What is expected: Two lines mark the range in the entries below: the one holding "A | v in S]." and the one holding "#Fix(sigma^(2^j)) = sum_(i". Set down those two and all lines between them, exactly.

Records drawn from a dataset:

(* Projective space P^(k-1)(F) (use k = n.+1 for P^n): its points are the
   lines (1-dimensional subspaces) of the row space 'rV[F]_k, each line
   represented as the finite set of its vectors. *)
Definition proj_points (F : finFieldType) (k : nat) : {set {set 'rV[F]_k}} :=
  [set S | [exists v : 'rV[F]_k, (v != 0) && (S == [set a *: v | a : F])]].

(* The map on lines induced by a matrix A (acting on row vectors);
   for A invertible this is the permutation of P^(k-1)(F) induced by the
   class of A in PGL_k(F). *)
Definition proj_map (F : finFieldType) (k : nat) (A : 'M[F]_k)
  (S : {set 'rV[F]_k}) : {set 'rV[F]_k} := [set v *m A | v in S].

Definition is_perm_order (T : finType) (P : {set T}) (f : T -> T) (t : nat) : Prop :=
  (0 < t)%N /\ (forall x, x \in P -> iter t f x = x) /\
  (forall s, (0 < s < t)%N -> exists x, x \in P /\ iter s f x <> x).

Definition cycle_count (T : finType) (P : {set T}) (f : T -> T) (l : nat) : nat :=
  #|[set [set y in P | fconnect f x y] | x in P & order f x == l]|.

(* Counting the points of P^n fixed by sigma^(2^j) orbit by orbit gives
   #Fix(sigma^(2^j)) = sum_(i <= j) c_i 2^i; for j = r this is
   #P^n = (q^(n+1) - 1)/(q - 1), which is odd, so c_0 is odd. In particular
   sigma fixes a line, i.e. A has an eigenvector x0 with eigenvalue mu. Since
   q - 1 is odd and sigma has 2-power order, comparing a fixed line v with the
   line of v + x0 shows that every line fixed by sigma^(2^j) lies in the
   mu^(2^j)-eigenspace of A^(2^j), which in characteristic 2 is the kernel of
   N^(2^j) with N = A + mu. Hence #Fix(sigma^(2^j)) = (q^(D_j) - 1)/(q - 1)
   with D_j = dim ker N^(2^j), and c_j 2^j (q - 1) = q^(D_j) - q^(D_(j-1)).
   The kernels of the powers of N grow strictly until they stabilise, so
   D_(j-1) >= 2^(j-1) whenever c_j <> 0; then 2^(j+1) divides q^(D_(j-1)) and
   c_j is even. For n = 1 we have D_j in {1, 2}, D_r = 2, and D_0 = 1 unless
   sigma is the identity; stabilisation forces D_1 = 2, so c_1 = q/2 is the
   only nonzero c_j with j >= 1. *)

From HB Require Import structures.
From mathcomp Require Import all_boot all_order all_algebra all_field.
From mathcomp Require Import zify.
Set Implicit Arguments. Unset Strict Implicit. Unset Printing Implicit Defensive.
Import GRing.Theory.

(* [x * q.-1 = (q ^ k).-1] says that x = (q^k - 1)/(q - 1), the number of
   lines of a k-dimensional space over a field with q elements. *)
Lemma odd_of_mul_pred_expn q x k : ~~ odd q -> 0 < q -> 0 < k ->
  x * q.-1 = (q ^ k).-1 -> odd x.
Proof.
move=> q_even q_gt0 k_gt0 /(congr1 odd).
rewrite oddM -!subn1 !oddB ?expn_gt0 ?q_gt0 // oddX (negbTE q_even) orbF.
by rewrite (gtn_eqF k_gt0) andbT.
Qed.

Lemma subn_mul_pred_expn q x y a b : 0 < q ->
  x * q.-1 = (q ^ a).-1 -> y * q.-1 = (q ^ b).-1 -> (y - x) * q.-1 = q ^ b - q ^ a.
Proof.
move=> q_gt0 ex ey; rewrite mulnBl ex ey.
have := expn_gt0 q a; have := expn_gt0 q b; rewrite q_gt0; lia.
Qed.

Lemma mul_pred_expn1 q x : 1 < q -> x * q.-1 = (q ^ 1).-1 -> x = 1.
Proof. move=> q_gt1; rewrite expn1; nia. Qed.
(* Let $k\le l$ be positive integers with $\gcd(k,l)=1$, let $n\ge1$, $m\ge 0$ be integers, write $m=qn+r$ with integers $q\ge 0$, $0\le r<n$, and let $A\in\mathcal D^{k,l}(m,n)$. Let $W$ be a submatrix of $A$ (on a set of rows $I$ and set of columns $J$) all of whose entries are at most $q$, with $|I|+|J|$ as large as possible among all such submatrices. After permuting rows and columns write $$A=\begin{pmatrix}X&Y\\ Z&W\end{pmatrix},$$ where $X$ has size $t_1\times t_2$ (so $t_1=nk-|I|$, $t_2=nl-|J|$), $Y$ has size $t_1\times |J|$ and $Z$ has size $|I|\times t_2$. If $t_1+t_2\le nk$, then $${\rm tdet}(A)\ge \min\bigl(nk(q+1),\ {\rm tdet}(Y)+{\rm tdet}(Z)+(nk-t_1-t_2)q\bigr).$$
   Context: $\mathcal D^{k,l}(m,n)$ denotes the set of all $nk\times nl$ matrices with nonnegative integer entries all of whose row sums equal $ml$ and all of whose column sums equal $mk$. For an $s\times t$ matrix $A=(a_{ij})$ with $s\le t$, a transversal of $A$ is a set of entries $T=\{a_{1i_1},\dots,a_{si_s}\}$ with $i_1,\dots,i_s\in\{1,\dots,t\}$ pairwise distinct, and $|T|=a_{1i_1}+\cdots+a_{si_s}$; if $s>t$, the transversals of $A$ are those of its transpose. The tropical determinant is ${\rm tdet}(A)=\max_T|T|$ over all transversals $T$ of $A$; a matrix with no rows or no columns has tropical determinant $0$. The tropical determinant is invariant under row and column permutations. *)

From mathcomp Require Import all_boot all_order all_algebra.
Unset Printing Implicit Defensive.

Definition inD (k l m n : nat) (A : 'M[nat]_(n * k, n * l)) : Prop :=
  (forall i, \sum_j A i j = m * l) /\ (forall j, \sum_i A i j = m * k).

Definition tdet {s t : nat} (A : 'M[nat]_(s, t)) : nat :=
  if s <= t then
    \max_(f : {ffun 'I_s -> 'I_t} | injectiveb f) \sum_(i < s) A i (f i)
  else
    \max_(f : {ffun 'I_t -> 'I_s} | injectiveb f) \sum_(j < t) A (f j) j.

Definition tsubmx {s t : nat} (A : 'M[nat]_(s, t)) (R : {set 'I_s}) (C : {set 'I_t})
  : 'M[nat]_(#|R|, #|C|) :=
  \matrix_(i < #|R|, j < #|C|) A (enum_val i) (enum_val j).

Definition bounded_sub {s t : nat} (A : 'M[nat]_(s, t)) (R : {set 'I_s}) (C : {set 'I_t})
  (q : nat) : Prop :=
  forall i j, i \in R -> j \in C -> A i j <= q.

Exercise output:
  (S : {set 'rV[F]_k}) : {set 'rV[F]_k} := [set v *m A | v in S].

Definition is_perm_order (T : finType) (P : {set T}) (f : T -> T) (t : nat) : Prop :=
  (0 < t)%N /\ (forall x, x \in P -> iter t f x = x) /\
  (forall s, (0 < s < t)%N -> exists x, x \in P /\ iter s f x <> x).

Definition cycle_count (T : finType) (P : {set T}) (f : T -> T) (l : nat) : nat :=
  #|[set [set y in P | fconnect f x y] | x in P & order f x == l]|.

(* Counting the points of P^n fixed by sigma^(2^j) orbit by orbit gives
   #Fix(sigma^(2^j)) = sum_(i <= j) c_i 2^i; for j = r this is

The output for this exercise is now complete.